I think we should stop paying our school loans. I think we should stop paying our tuition. And when this whole lockdown thing is over, we should start burning stuff in the streets.

*This post has been inspired by a current, last ditch attempt to apply for grad school this fall (because um, I don’t have any other plans for this fall or ever?) Maybe I will take the GRE. Maybe I will even pay tuition–I’m trying to find the cheapest cheapest–but still I’d be a hypocrite. If I do go through with it I promise that no one will ever stop hearing about how I think it’s a CRAP DEAL. You know where to find me when you’re ready to start burning stuff in the streets.

7 Comments

  1. Everyone I know who got an M.F.A. in fiction writing or poetry would do it over again, in a minute, and not one of us has earned our full-time income from writing. All of us, in our 50s and 60s now, still write, still love it, and would not trade writing for anything. And I mean anything. If you want to get an M.F.A. in writing, there are, or at least there used to be, universities that don’t require the GRE. And you don’t have to go to a “name” university for this to work. I went to Wichita State University for my M.F.A., about as mid-tier as you can get, and we had visiting writers teach full workshops, and do month-long teaching residencies, all the time. If you apply to several universities, you are likely to be offered a position as a graduate teaching assistant, which requires zero experience. It’s been a long time since I did this, so I don’t know how much it pays, maybe $10,000 or $12,000 to teach two or three courses each semester. The better news is that all tuition is waived if you are a graduate teaching assistant, in-state and out-of-state. The greatest thing about getting an M.F.A. is the uninterrupted time you spend with people who are exactly like you are. Best thing I ever did. The very best. I know your Mom, who is good friends with my sister, Lynn, in Kansas City. I’ve read some of your stuff, and I think you’re a good writer.

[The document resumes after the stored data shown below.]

(* Let $\mathbf{k}$ be a field. Every connected graded left counital $\mathbf{k}$-bialgebra $(H,m,\mu,\Delta,\varepsilon)$ is a left counital Hopf algebra, i.e. it admits a right antipode $S$ with $\mathrm{id}_H\ast S=\mu\varepsilon$. Such an $S$ is given by the recursion $S(1_H)=1_H$ and, for homogeneous $x\in H^{(n)}$, $n\ge1$, $S(x)=-\sum_{(x)}x'S(x'')$, where $\tilde\Delta(x)=\Delta(x)-1\otimes x=\sum_{(x)}x'\otimes x''$ (Sweedler notation), extended linearly.
   Context: All algebras are unital commutative over $\mathbf{k}$. A left counital bialgebra $(H,m,\mu,\Delta,\varepsilon)$ is an algebra $H$ with unit map $\mu$ and algebra homomorphisms $\Delta:H\to H\otimes H$ (coassociative) and $\varepsilon:H\to\mathbf{k}$ with $(\varepsilon\otimes\mathrm{id})\Delta=\beta_\ell$, $\beta_\ell(u)=1\otimes u$ (right counicity not required). It is graded if $H=\bigoplus_{n\ge0}H^{(n)}$ for submodules with $H^{(p)}H^{(q)}\subseteq H^{(p+q)}$ and $\Delta(H^{(n)})\subseteq (H^{(0)}\otimes H^{(n)})\oplus\bigoplus_{p+q=n,\,p,q>0}H^{(p)}\otimes H^{(q)}$ for all $n$; connected if moreover $H^{(0)}=\mathrm{im}\,\mu=\mathbf{k}1_H$ and $\ker\varepsilon=\bigoplus_{n\ge1}H^{(n)}$. The convolution of $f,g\in\mathrm{End}_{\mathbf{k}}(H)$ is $f\ast g=m(f\otimes g)\Delta$. A right antipode is a linear $S:H\to H$ with $\mathrm{id}_H\ast S=\mu\varepsilon$; a left counital bialgebra with a right antipode is called a left counital (right antipode) Hopf algebra. *)

From HB Require Import structures.
From mathcomp Require Import all_boot all_order all_algebra.
Set Implicit Arguments. Unset Strict Implicit. Unset Printing Implicit Defensive.
Import Order.TTheory GRing.Theory Num.Theory.
Local Open Scope ring_scope.

Definition lin (k : fieldType) (U V : lmodType k) (f : U -> V) : Prop :=
  forall (a : k) (x y : U), f (a *: x + y) = a *: f x + f y.

Definition bilin (k : fieldType) (U V W : lmodType k) (f : U -> V -> W) : Prop :=
  (forall y, lin (fun x => f x y)) /\ (forall x, lin (f x)).

Definition trilin (k : fieldType) (U V X W : lmodType k) (f : U -> V -> X -> W) : Prop :=
  [/\ (forall y z, lin (fun x => f x y z)),
      (forall x z, lin (fun y => f x y z)) &
      (forall x y, lin (f x y))].

Record tensor2 (k : fieldType) (H : lmodType k) := Tensor2 {
  t2_car :> lmodType k;
  t2_tens : H -> H -> t2_car;
  t2_lift : forall W : lmodType k, (H -> H -> W) -> t2_car -> W;
  t2_tens_bilin : bilin t2_tens;
  t2_lift_lin : forall (W : lmodType k) (f : H -> H -> W), bilin f -> lin (t2_lift f);
  t2_lift_tens : forall (W : lmodType k) (f : H -> H -> W), bilin f ->
    forall a b, t2_lift f (t2_tens a b) = f a b;
  t2_lift_uniq : forall (W : lmodType k) (f : H -> H -> W) (g : t2_car -> W), bilin f -> lin g ->
    (forall a b, g (t2_tens a b) = f a b) -> forall t, g t = t2_lift f t
}.

Record tensor3 (k : fieldType) (H : lmodType k) := Tensor3 {
  t3_car :> lmodType k;
  t3_tens : H -> H -> H -> t3_car;
  t3_lift : forall W : lmodType k, (H -> H -> H -> W) -> t3_car -> W;
  t3_tens_trilin : trilin t3_tens;
  t3_lift_lin : forall (W : lmodType k) (f : H -> H -> H -> W), trilin f -> lin (t3_lift f);
  t3_lift_tens : forall (W : lmodType k) (f : H -> H -> H -> W), trilin f ->
    forall a b c, t3_lift f (t3_tens a b c) = f a b c;
  t3_lift_uniq : forall (W : lmodType k) (f : H -> H -> H -> W) (g : t3_car -> W), trilin f -> lin g ->
    (forall a b c, g (t3_tens a b c) = f a b c) -> forall t, g t = t3_lift f t
}.

Section Bialg.
Variables (k : fieldType) (H : comAlgType k).

Definition tmul (T : tensor2 H) (t u : T) : T :=
  t2_lift (fun a b => t2_lift (fun c d => t2_tens T (a * c) (b * d)) u) t.

Definition conv (T : tensor2 H) (Delta : H -> T) (f g : H -> H) (x : H) : H :=
  t2_lift (fun a b => f a * g b) (Delta x).

Definition coassoc (T : tensor2 H) (T3 : tensor3 H) (Delta : H -> T) : Prop :=
  forall x,
    t2_lift (fun a b => t2_lift (fun y z => t3_tens T3 y z b) (Delta a)) (Delta x)
  = t2_lift (fun a b => t2_lift (fun y z => t3_tens T3 a y z) (Delta b)) (Delta x).
Lemma univ_section pi b X :
  (forall v, lt v b -> lt v w) -> level pi b X -> exists y, forall x, X x <-> univ pi b x y.
Proof.
  revert pi X; induction b as [b IH] using (well_founded_ind lt_wf); intros pi X Hbw HX.
  inversion HX as [pi' b' Xs HXs]; subst.
  assert (Hparts : forall k, exists p : nat * baire,
             forall y, tag y k = fst p -> subcode y k = snd p ->
             forall x, Xs k x <-> clause (univ (negb pi)) b x y k).
  { intro k; destruct (HXs k) as [Hk | [v [Hvb Hk]]].
    - destruct (sigma_pi_univ_section _ Hk) as [c Hc].
      exists (0, c); intros y Ht Hs x; rewrite (clause_tag0 _ _ _ _ _ Ht), Hs; apply Hc.
    - assert (Hvw : forall u, lt u v -> lt u w)
        by (intros u Huv; exact (Hbw u (lt_trans _ _ _ Huv Hvb))).
      destruct (IH v Hvb (negb pi) (Xs k) Hvw Hk) as [c Hc].
      set (a := exist (fun u => lt u w) v (Hbw v Hvb)).
      exists (S (g a), c); intros y Ht Hs x.
      rewrite (clause_tagS _ _ _ _ _ a Hvb Ht), Hs; apply Hc. }
  destruct (choice _ Hparts) as [p Hp].
  exists (glue (fun k => fst (p k)) (fun k => snd (p k))); intro x.
  rewrite univ_iff; apply quant_iff; intro k.
  apply Hp; [apply tag_glue | apply subcode_glue].
Qed.

Lemma borel2_clause (R : W -> baire -> baire -> Prop) b k :
  (forall v, lt v b -> borel2 (R v)) -> borel2 (fun x y => clause R b x y k).
Proof.
  intro HR; unfold borel2, clause; apply borel_or.
  - apply borel_and; [exact (borel_B (2 * to_nat (k, 0) + 1) 0)|].
    exact (borel2_subcode _ k borel2_sigma_pi_univ).
  - apply (borel_ext (fun z => exists n, tag (odds z) k = S n /\
      exists a, (lt (proj1_sig a) b /\ g a = n) /\ R (proj1_sig a) (evens z) (subcode (odds z) k))).
    + apply borel_exists; intro n.
      apply borel_and; [exact (borel_B (2 * to_nat (k, 0) + 1) (S n))|].
      apply borel_exists_uniq.
      * intros a a' [_ Ha] [_ Ha']. apply g_inj; congruence.
      * intros a [Hab _]. exact (borel2_subcode _ k (HR _ Hab)).
    + intro z; split.
      * intros [n [Ht [a [[Hab <-] H]]]]. exists a; auto.
      * intros [a [Hab [Ht H]]]. exists (g a); split; [exact Ht|]. exists a; auto.
Qed.

Lemma borel2_univ pi b : borel2 (univ pi b).
Proof.
  revert pi; induction b as [b IH] using (well_founded_ind lt_wf); intro pi.
  apply (borel_ext (fun z => quant pi (fun k => clause (univ (negb pi)) b (evens z) (odds z) k))).
  - apply borel_quant; intro k. apply borel2_clause; intros v Hv; apply IH, Hv.
  - intro z; symmetry; apply univ_iff.
Qed.

Lemma closed_family_not_below_level pi (F : family) :
  (forall X, inA X -> F X) -> (forall X, PiOf F X -> F X) -> (forall X, SigmaOf F X -> F X) ->
  ~ (forall X, F X -> level pi w X).
Proof.
  intros HA HPi HSigma Hlevel.
  apply (borel2_not_universal (univ pi w) (borel2_univ pi w)).
  intros X HX. apply (univ_section pi w X (fun v Hv => Hv)), Hlevel.
  exact (borel_incl_closed F HA HPi HSigma X HX).
Qed.

End Hierarchy_codes.

Theorem proposition5p28 (W : Type) (lt : W -> W -> Prop) (w : W) :
  well_order W lt ->
  ((fam_eq (PiOf (InPi W lt w)) (InPi W lt w) /\
    fam_eq (InPi W lt w) (SigmaOf (InPi W lt w)))
   \/
   (fam_eq (PiOf (InSigma W lt w)) (InSigma W lt w) /\
    fam_eq (InSigma W lt w) (SigmaOf (InSigma W lt w)))) ->
  uncountable_below W lt w.
Proof.
  intros [lt_wf [lt_trans _]] collapse [g g_inj].
  destruct collapse as [[HPi HSigma] | [HPi HSigma]].
  - apply (closed_family_not_below_level W lt lt_wf lt_trans w g g_inj true (InPi W lt w)).
    + intros X HX; apply (inA_hierarchy W lt lt_wf w X HX).
    + intro X; apply HPi.
    + intro X; apply HSigma.
    + intro X; apply (hierarchy_level W lt lt_wf lt_trans w).
  - apply (closed_family_not_below_level W lt lt_wf lt_trans w g g_inj false (InSigma W lt w)).
    + intros X HX; apply (inA_hierarchy W lt lt_wf w X HX).
    + intro X; apply HPi.
    + intro X; apply HSigma.
    + intro X; apply (hierarchy_level W lt lt_wf lt_trans w).
Qed.
(* For every $\theta\in\mathbb{R}^p$ and every $i\in\{1,\dots,p\}$, define $\Psi:\mathbb{R}^p\to\mathbb{R}$ by $\Psi(\omega)=\sum_{\mathrm p\in\mathrm P}\prod_{k\in\mathrm p}\omega_k$ (so that $\Psi(\theta\odot\theta)=\|\Phi(\theta)\|_2^2$). Then $$G_{ii}=\frac{\partial\Psi}{\partial\omega_i}(\theta\odot\theta),$$ i.e. $\mathrm{diag}(G)=\nabla_{\theta^2}\|\Phi(\theta)\|_2^2$, the gradient of $\|\Phi(\theta)\|_2^2$ with respect to the vector of squared parameters $\theta^2=\theta\odot\theta$.
   Context: $\mathcal G=(V,E)$ is a finite DAG; input neurons have no incoming edges, output neurons no outgoing edges. $\theta\in\mathbb{R}^p$ consists of one weight $\theta_{u\to v}$ per edge and one bias $b_v$ per non-input neuron $v$. A path $\mathrm p=v_0\to\cdots\to v_d$ ($d\ge0$) follows edges and ends at an output neuron (for $d=0$, $v_0$ is non-input); $\mathrm P$ is the set of paths, $q=|\mathrm P|$. For a path $\mathrm p$, write $k\in\mathrm p$ for the parameter indices of its edges together with the index of $b_{v_0}$ when $v_0$ is not an input neuron. The path-lifting $\Phi:\mathbb{R}^p\to\mathbb{R}^q$ is $\Phi_{\mathrm p}(\theta)=\prod_{k\in\mathrm p}\theta_k$. $G=\partial\Phi(\theta)^\top\partial\Phi(\theta)\in\mathbb{R}^{p\times p}$ with $\partial\Phi(\theta)$ the Jacobian of $\Phi$; $\odot$ is the entrywise product. *)

From HB Require Import structures.
From mathcomp Require Import all_boot all_order all_algebra.
From mathcomp Require Import all_classical all_reals all_analysis.
Set Implicit Arguments. Unset Strict Implicit. Unset Printing Implicit Defensive.
Import Order.TTheory GRing.Theory Num.Theory.
Local Open Scope ring_scope.

Section DAG.
Variables (V : finType) (E : rel V).

Definition acyclic : Prop := forall (x : V) (s : seq V), path E x s -> uniq (x :: s).

Definition is_input (v : V) : bool := [forall u, ~~ E u v].
Definition is_output (v : V) : bool := [forall w, ~~ E v w].

(* Parameter indices: one weight per edge, one bias per non-input neuron. *)
Definition param : finType :=
  ({e : V * V | E e.1 e.2} + {v : V | ~~ is_input v})%type.

(* A path v_0 -> ... -> v_d (as the list [v_0; ...; v_d]) following edges,
   ending at an output neuron; for d = 0, v_0 must be non-input. *)
Definition is_npath (s : seq V) : bool :=
  match s with
  | [::] => false
  | v0 :: r => [&& path E v0 r, is_output (last v0 r) & (r != [::]) || ~~ is_input v0]
  end.

(* k \in p: the edges of p, together with the bias of v_0 when v_0 is non-input. *)
Definition in_path (s : seq V) (k : param) : bool :=
  match k with
  | inl e => val e \in zip s (behead s)
  | inr v => ohead s == Some (val v)
  end.

(* Sum over the set P of all paths. In a DAG a path with d edges has d+1
   distinct vertices, so d < #|V|; each path is counted exactly once. *)
Definition sum_paths (R : nmodType) (F : seq V -> R) : R :=
  \sum_(d < #|V|) \sum_(t : (d.+1).-tuple V | is_npath t) F (val t).

Variable R : realType.

Definition Phi (s : seq V) (theta : {ffun param -> R}) : R :=
  \prod_(k | in_path s k) theta k.

Definition Psi (omega : {ffun param -> R}) : R := sum_paths (fun s => Phi s omega).

Definition upd (theta : {ffun param -> R}) (i : param) (x : R) : {ffun param -> R} :=
  [ffun k => if k == i then x else theta k].

Definition partial (f : {ffun param -> R} -> R) (i : param) (theta : {ffun param -> R}) : R :=
  derive1 (fun x => f (upd theta i x)) (theta i).

Definition hadamard (a b : {ffun param -> R}) : {ffun param -> R} :=
  [ffun k => a k * b k].

(* G = (dPhi(theta))^T dPhi(theta): G_ij = sum_p dPhi_p/dtheta_i * dPhi_p/dtheta_j. *)
Definition Gmat (theta : {ffun param -> R}) (i j : param) : R :=
  sum_paths (fun s => partial (Phi s) i theta * partial (Phi s) j theta).

End DAG.

From HB Require Import structures.
From mathcomp Require Import all_boot all_order all_algebra.
From mathcomp Require Import all_classical all_reals all_analysis.
Local Open Scope ring_scope.
Import Order.TTheory GRing.Theory Num.Theory.

(* Every parameter occurs at most once in a path monomial Phi_p, so Phi_p is
   affine in theta_i with slope [i \in p] * prod_{k \in p, k <> i} theta_k.
   Hence G_ii, the sum over paths of the squared slopes, is the sum over the
   paths through i of prod_{k \in p, k <> i} theta_k^2; this is the slope of
   the multi-affine polynomial Psi in omega_i at omega = theta * theta. *)

Lemma derive1_affine (R : realType) (a b x : R) :
  derive1 (fun y => a * y + b) x = a.
Proof. by rewrite derive1E derive_val addr0; exact: mulr1. Qed.

Lemma sum_paths_affine (V : finType) (E : rel V) (S : pzSemiRingType)
    (a b : seq V -> S) (x : S) :
  sum_paths E (fun s => a s * x + b s) = sum_paths E a * x + sum_paths E b.
Proof.
rewrite /sum_paths mulr_suml -big_split; apply: eq_bigr => d _.
by rewrite mulr_suml -big_split.
Qed.

Section PathPartials.
Variables (V : finType) (E : rel V) (R : realType).
Implicit Types (s : seq V) (i : param E) (theta : {ffun param E -> R}).

Lemma partial_affine (f : {ffun param E -> R} -> R) i theta (a b : R) :
  (forall x, f (upd theta i x) = a * x + b) -> partial f i theta = a.
Proof. by move=> fE; rewrite /partial (boolp.funext fE) derive1_affine. Qed.

Definition dPhi s i theta : R :=
  if in_path s i then \prod_(k | in_path s k && (k != i)) theta k else 0.

Lemma Phi_upd s i theta x :
  Phi s (upd theta i x) = dPhi s i theta * x + (if in_path s i then 0 else Phi s theta).
Proof.
rewrite /Phi /dPhi; case: ifP => s_i.
  rewrite (bigD1 i) //= ffunE eqxx addr0 mulrC; congr (_ * _).
  by apply: eq_bigr => k /andP[_ /negPf k_i]; rewrite ffunE k_i.
rewrite mul0r add0r; apply: eq_bigr => k s_k; rewrite ffunE.
by case: eqP => // k_i; rewrite k_i s_i in s_k.
Qed.

Lemma partial_Phi s i theta : partial (Phi s) i theta = dPhi s i theta.
Proof. exact/partial_affine/Phi_upd. Qed.

Lemma partial_Psi i theta :
  partial (@Psi V E R) i theta = sum_paths E (fun s => dPhi s i theta).
Proof.
apply: partial_affine => x; rewrite /Psi.
have -> : (fun s => Phi s (upd theta i x)) =
    fun s => dPhi s i theta * x + (if in_path s i then 0 else Phi s theta).
  by apply: boolp.funext => s; exact: Phi_upd.
exact: sum_paths_affine.
Qed.

Lemma dPhi_hadamard s i theta : dPhi s i (hadamard theta theta) = dPhi s i theta ^+ 2.
Proof.
rewrite /dPhi; case: ifP => _; last by rewrite expr2 mulr0.
by rewrite -prodrXl; apply: eq_bigr => k _; rewrite ffunE expr2.
Qed.

End PathPartials.

Theorem propositionG1 (V : finType) (E : rel V) (R : realType) :
  acyclic E ->
  forall (theta : {ffun param E -> R}) (i : param E),
    Gmat theta i i = partial (@Psi V E R) i (hadamard theta theta).
Proof.
move=> _ theta i; rewrite partial_Psi /Gmat.
by congr sum_paths; apply: boolp.funext => s; rewrite partial_Phi dPhi_hadamard expr2.
Qed.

    1. Hi Philip! Thanks for this insight. I really like the idea of being a graduate teaching assistant. Maybe I will try this route depending on what happens in the next few months. I might follow up with some questions then. And yes! Your book Love in an Iron Bowl has been recommended to me.

  2. i woke up thinking, i hope anne writes another blog post soon. and then you did. i love this, also i haven’t paid my student loans in like 3 years. i’ve been retaliating and also not making enough money to qualify paying them. nobody has tried to arrest me yet.

  3. Anne, your mother is a friend of mine from book club. Please, follow your desire to teach. I am retiring from teaching after 37 (gasp) years this spring. I teach special education children. My students sat next to you in elementary school, but left for help in reading, math, or emotional/behavior support. It is not an easy profession or a high paying profession, but it is something you will always know you are helping the children that deserve all of your passion and care. Some of those children will only feel safe in your class room, they will only learn to read with your care and patience. You may be the best part of their day. You may find that you will help foster the love of the written word in other young minds. You are a gifted writer. You feel a yearning to educate others. Listen to Philip Deal, you can follow this dream without going to a BIG name school. There are a lot of scholarships available. I sit on a board that gives scholarships to educators that will teach humanities in rural settings. I look forward to reading your thoughts!

    1. Hi Nancy! Thanks so much for reading my blog and sharing your thoughts. It is very reassuring to get some positive encouragement in this field. I am working on a grad school application that is due this Friday. And–thank you for all your years of teaching! So cool!